ESLint is also building a runtime-agnostic core and a new CLI from scratch. Contributors are maintaining the existing eslint and the rewrite in parallel as they move forward.
For the past 11 years, ESLint has been focused on JavaScript linting but these recent changes move the project towards becoming a universal linter. The new @eslint/json and @eslint/markdown plugins can be installed from npm. Users can write custom rules just like they have for JavaScript, thanks to ESLint’s new Code Explorer, which is open source.
ESLint’s Technical Steering Committee (TSC) decided to open up ESLint and go the route of language plugins, as they had observed plugins linting other languages, like GraphQL and HTML from within ESLint in inefficient and error-prone ways. Allowing for official and community supported plugins makes it possible for the project to leverage expertise from various ecosystems in order to support linting across a wider range of languages.
Starting with JSON and Markdown made the most sense as both were among the top four requested languages to support when ESLint creator Nicholas Zakas asked on Twitter/Mastodon. JSON is ubiquitous in configuration files, data interchange, and API responses. This new official plugin helps validate the structure and syntax of JSON files to prevent runtime errors and enforces consistent formatting and styling rules across all JSON files in a project.
Similarly, Markdown is also a strong choice for one of the first language plugins, as it’s the lingua franca of documentation, README files, and content creation within repositories. ESLint's support for Markdown has the potential to enforce consistent formatting, heading structures, and link validations to maintain high-quality documentation.
These two plugins are intended to be examples of how contributors can write their own language plugins. ESLint has documented the process for creating one.
The RFC for language plugins indicates that the next officially supported plugins on the roadmap will be YAML and CSS, as both were among the top four most-requested languages in the community poll. They plan to use PostCSS as the parser and will investigate further for YAML, but these are still in the early stages.

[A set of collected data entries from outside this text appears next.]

Lemma esum_le_of_seq (f : I -> R) (B : R) :
  (forall L : seq I, uniq L -> \sum_(i <- L) f i <= B) ->
  (\esum_(i in [set: I]) (f i)%:E <= B%:E)%E.
Proof.
move=> fB; apply: ge_ereal_sup => _ [X [finX _] <-].
by rewrite fsbig_finite// sumEFin lee_fin fB// fset_uniq.
Qed.

Lemma seq_le_esum (f : I -> R) (L : seq I) : uniq L ->
  ((\sum_(i <- L) f i)%:E <= \esum_(i in [set: I]) (f i)%:E)%E.
Proof.
move=> uL; apply: esum_ge; exists [set` L]; first by split => //; exact: finite_seq.
by rewrite -sumEFin fsbig_seq.
Qed.

Hypotheses (mu_ge0 : forall i, 0 <= mu i) (y_ge0 : forall i, 0 <= y i).

Lemma tail_mass_ge0 s : (0 <= tail_mass s)%E.
Proof. by apply: esum_ge0 => i _; rewrite lee_fin; case: ifP. Qed.

Lemma lower_moment_ge0 p s : (0 <= lower_moment p s)%E.
Proof.
by apply: esum_ge0 => i _; rewrite lee_fin; case: ifP; rewrite ?mulr_ge0 ?powR_ge0.
Qed.

Lemma weak_norm_ge0 t : (0 <= weak_norm t)%E.
Proof.
apply: le_trans (ereal_sup_ubound _); last by exists 1 => //=.
by rewrite mule_ge0 ?poweR_ge0.
Qed.

Lemma moment_growth_ge0 t p : (0 <= moment_growth t p)%E.
Proof.
apply: le_trans (ereal_sup_ubound _); last by exists 1 => //=.
by rewrite mule_ge0 ?poweR_ge0// lee_fin powR_ge0.
Qed.

Lemma lower_moment_le t p c s : 0 < t -> t < p -> 0 <= c -> 0 < s ->
  (forall u, 0 < u -> (tail_mass u <= (c * u `^ (- t))%:E)%E) ->
  (lower_moment p s <= (2 `^ p / (2 `^ (p - t) - 1) * c * s `^ (p - t))%:E)%E.
Proof.
move=> t0 tp c0 s0 tail_le; apply: esum_le_of_seq => L uL.
apply: lower_sum_le => // u u0; rewrite -lee_fin.
exact: le_trans (seq_le_esum _ uL) (tail_le u u0).
Qed.

Lemma tail_mass_le t p d s : 0 < t -> 0 <= p -> 0 <= d -> 0 < s ->
  (forall u, 0 < u -> (lower_moment p u <= (d * u `^ (p - t))%:E)%E) ->
  (tail_mass s <= (2 `^ p / (2 `^ t - 1) * d * s `^ (- t))%:E)%E.
Proof.
move=> t0 p0 d0 s0 lower_le; apply: esum_le_of_seq => L uL.
apply: tail_sum_le => // u u0; rewrite -lee_fin.
exact: le_trans (seq_le_esum _ uL) (lower_le u u0).
Qed.

Lemma moment_growth_le_weak_norm t p : 0 < t -> t < p ->
  (moment_growth t p <=
   (2 * (2 `^ (p - t) - 1) `^ (- p^-1))%:E * weak_norm t `^ (t / p))%E.
Proof.
move=> t0 tp; have p0 : 0 < p := lt_trans t0 tp.
have d0 : 0 <= 2 `^ (p - t) - 1.
  by rewrite subr_ge0 ltW// powR_gt1 ?ltr1n ?subr_gt0.
have dV0 : 0 <= (2 `^ (p - t) - 1)^-1 by rewrite invr_ge0.
have C0 : 0 < 2 * (2 `^ (p - t) - 1) `^ (- p^-1).
  by rewrite mulr_gt0 ?powR_gt0// subr_gt0 powR_gt1 ?ltr1n ?subr_gt0.
have := weak_norm_ge0 t; case E: (weak_norm t) => [k| |] // k0; last first.
  by rewrite poweRyr ?mulf_neq0 ?gt_eqF ?invr_gt0// gt0_muley ?lte_fin// leey.
rewrite lee_fin in k0.
have tail_le u : 0 < u -> (tail_mass u <= (k `^ t * u `^ (- t))%:E)%E.
  move=> u0; apply: le_powR_of_root_le => //; first exact: tail_mass_ge0.
  by rewrite -E; apply: ereal_sup_ubound; exists u.
rewrite poweR_EFin -EFinM; apply: ge_ereal_sup => _ [s /= s0 <-].
have lower_le := lower_moment_le t0 tp (powR_ge0 k t) s0 tail_le.
set B := 2 `^ p / (2 `^ (p - t) - 1) * k `^ t in lower_le.
have B0 : 0 <= B by rewrite !mulr_ge0 ?powR_ge0.
have root_le : (lower_moment p s `^ p^-1 <= ((B * s `^ (p - t)) `^ p^-1)%:E)%E.
  rewrite -poweR_EFin; apply: gt0_ler_poweR lower_le.
  - by rewrite invr_ge0 ltW.
  - by rewrite in_itv/= leey andbT lower_moment_ge0.
  - by rewrite in_itv/= leey andbT lee_fin mulr_ge0 ?powR_ge0.
apply: le_trans (lee_wpmul2l _ root_le) _; first by rewrite lee_fin powR_ge0.
rewrite -EFinM lee_fin powR_scale_free ?mulr_ge0 ?divr_ge0 ?powR_ge0 ?gt_eqF//;
  last by rewrite mulfVK ?gt_eqF// opprB.
rewrite powRM ?divr_ge0 ?invr_ge0 ?powR_ge0// powR_div_root ?powR_ge0//.
by rewrite divff ?gt_eqF// powRr1// -powRrM.
Qed.

Lemma weak_norm_le_moment_growth t p : 0 < t -> t < p ->
  (weak_norm t <=
   (2 `^ (p / t) * (2 `^ t - 1) `^ (- t^-1))%:E * moment_growth t p `^ (p / t))%E.
Proof.
move=> t0 tp; have p0 : 0 < p := lt_trans t0 tp.
have d0 : 0 <= 2 `^ t - 1 by rewrite subr_ge0 ltW// powR_gt1 ?ltr1n.
have dV0 : 0 <= (2 `^ t - 1)^-1 by rewrite invr_ge0.
have C0 : 0 < 2 `^ (p / t) * (2 `^ t - 1) `^ (- t^-1).
  by rewrite mulr_gt0 ?powR_gt0// subr_gt0 powR_gt1 ?ltr1n.
have := moment_growth_ge0 t p; case E: (moment_growth t p) => [g| |] // g0; last first.
  by rewrite poweRyr ?mulf_neq0 ?gt_eqF ?invr_gt0// gt0_muley ?lte_fin// leey.
rewrite lee_fin in g0.
have lower_le u : 0 < u -> (lower_moment p u <= (g `^ p * u `^ (p - t))%:E)%E.
  move=> u0; have := le_powR_of_root_le (k := g) (powR_gt0 ((t - p) / p) u0) p0
    (lower_moment_ge0 p u).
  rewrite -powRrM (_ : (t - p) / p * - p = p - t); last first.
    by rewrite mulrN mulfVK ?gt_eqF// opprB.
  by apply; rewrite -E; apply: ereal_sup_ubound; exists u.
rewrite poweR_EFin -EFinM; apply: ge_ereal_sup => _ [s /= s0 <-].
have tail_le := tail_mass_le t0 (ltW p0) (powR_ge0 g p) s0 lower_le.
set B := 2 `^ p / (2 `^ t - 1) * g `^ p in tail_le.
have B0 : 0 <= B by rewrite !mulr_ge0 ?powR_ge0.
have root_le : (tail_mass s `^ t^-1 <= ((B * s `^ (- t)) `^ t^-1)%:E)%E.
  rewrite -poweR_EFin; apply: gt0_ler_poweR tail_le.
  - by rewrite invr_ge0 ltW.
  - by rewrite in_itv/= leey andbT tail_mass_ge0.
  - by rewrite in_itv/= leey andbT lee_fin mulr_ge0 ?powR_ge0.
apply: le_trans (lee_wpmul2l _ root_le) _; first by rewrite lee_fin ltW.
rewrite -EFinM lee_fin -{1}(powRr1 (ltW s0)).
rewrite powR_scale_free ?mulr_ge0 ?divr_ge0 ?powR_ge0 ?gt_eqF//;
  last by rewrite mul1r opprK.
by rewrite powRM ?divr_ge0 ?invr_ge0 ?powR_ge0// powR_div_root ?powR_ge0// -powRrM.
Qed.

End weak_norm.

Definition kt_weight (I : Type) (R : realType) (a r : I -> R) (j : I) : R :=
  (a j)^-2 * r j ^+ 2.

Definition kt_level (I : Type) (R : realType) (a r x : I -> R) (j : I) : R :=
  `|x j| / ((a j)^-2 * r j).

Lemma kt_weight_ge0 (I : Type) (R : realType) (a r : I -> R) j :
  0 <= kt_weight a r j.
Proof. by apply: mulr_ge0; rewrite ?invr_ge0 sqr_ge0. Qed.

Section thresholding.
Variables (I : countType) (R : realType) (a r : I -> R).
Hypotheses (a_gt0 : forall j, 0 < a j) (r_gt0 : forall j, 0 < r j).

Lemma threshold_gt0 j : 0 < (a j)^-2 * r j.
Proof. by rewrite mulr_gt0 ?invr_gt0 ?exprn_gt0. Qed.

Lemma kt_level_ge0 x j : 0 <= kt_level a r x j.
Proof. exact: divr_ge0 (normr_ge0 _) (ltW (threshold_gt0 j)). Qed.

Lemma aboveE s x j : above a r s x j = (s < kt_level a r x j).
Proof. by rewrite /above /kt_level ltr_pdivlMr ?threshold_gt0// mulrC. Qed.

Lemma kt_norm_weak_norm t x :
  kt_norm a r t x = weak_norm (kt_weight a r) (kt_level a r x) t.
Proof.
rewrite /kt_norm /weak_norm; congr ereal_sup; apply: eq_imagel => s _.
congr (_ * _ `^ _)%E; rewrite /tail_mass esum_mkcond; apply: eq_esum => j _.
rewrite mem_setE unfold_in -[X in if X then _ else _]/(above a r s x j).
by rewrite aboveE; case: ifP.
Qed.

Lemma omega_bar_powR p x j : 0 < p ->
  omega_bar a r p j `^ p * `|x j| `^ p = kt_weight a r j * kt_level a r x j `^ p.
Proof.
move=> p0; have a0 := a_gt0 j; have r0 := r_gt0 j.
rewrite /omega_bar /kt_weight /kt_level -powRrM mulVf ?gt_eqF//.
rewrite powRr1 ?mulr_ge0 ?powR_ge0//.
rewrite -!powR_invn ?(ltW a0)// -powR_mulrn ?(ltW r0)//.
rewrite powRM ?invr_ge0 ?mulr_ge0 ?powR_ge0 ?(ltW r0)//.
rewrite powR_invr ?mulr_ge0 ?powR_ge0 ?(ltW r0)//.
rewrite powRM ?powR_ge0 ?(ltW r0)// -powRrM !powRBD// mulrNN.
ring.
Qed.

Lemma gamma_fun_moment_growth t p x : 0 < p ->
  gamma_fun a r t p x = moment_growth (kt_weight a r) (kt_level a r x) t p.
Proof.
move=> p0; rewrite /gamma_fun /moment_growth /wnorm; congr ereal_sup.
apply: eq_imagel => s _; congr (_ * _ `^ _)%E; apply: eq_esum => j _.
rewrite /thresh aboveE; case: ifP => _; last by rewrite subr0 omega_bar_powR.
by rewrite subrr normr0 powR0 ?gt_eqF// mulr0.
Qed.

End thresholding.

Theorem lemma3p6 (I : countType) (R : realType) (a r : I -> R)
  (ha : forall j, 0 < a j) (hr : forall j, 0 < r j)
  (t p : R) (ht : 0 < t) (htp : t < p) (hp2 : p <= 2) (x : I -> R) :
  (kt a r t x <-> (gamma_fun a r t p x < +oo)%E) /\
  (gamma_fun a r t p x <=
     (2 * (2 `^ (p - t) - 1) `^ (- p^-1))%:E * kt_norm a r t x `^ (t / p))%E /\
  (kt_norm a r t x <=
     (2 `^ (p / t) * (2 `^ t - 1) `^ (- t^-1))%:E * gamma_fun a r t p x `^ (p / t))%E.
Proof.
have p0 : 0 < p := lt_trans ht htp.
have -> : kt a r t x = (kt_norm a r t x < +oo)%E by [].
rewrite kt_norm_weak_norm// gamma_fun_moment_growth//.
have w0 := kt_weight_ge0 a r; have l0 := kt_level_ge0 ha hr x.
have upper := moment_growth_le_weak_norm w0 l0 ht htp.
have lower := weak_norm_le_moment_growth (kt_level a r x) w0 ht htp.
split; last exact: conj upper lower.
split=> finite.
- apply: le_lt_trans upper _; apply: lte_mul_pinfty => //; last exact: poweR_lty.
  by rewrite lee_fin mulr_ge0 ?powR_ge0.
- apply: le_lt_trans lower _; apply: lte_mul_pinfty => //; last exact: poweR_lty.
  by rewrite lee_fin mulr_ge0 ?powR_ge0.
Qed.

When I asked Zakas if he sees ESLint branching out to support non-JS heavy ecosystems further into the future, he referred to the long-term goal stated in the announcement today, leaving the door open for any possibility.
“Linting languages other than JavaScript has been on the ESLint roadmap for a while, so it’s exciting to reach this milestone,” Zakas said. “Our long-term goal is to ensure that ESLint can lint any kind of file you might use in a web project, whether that be with officially supported language plugins or with community-written plugins. With JavaScript, JSON, and Markdown, we’re already well on our way towards achieving that goal.”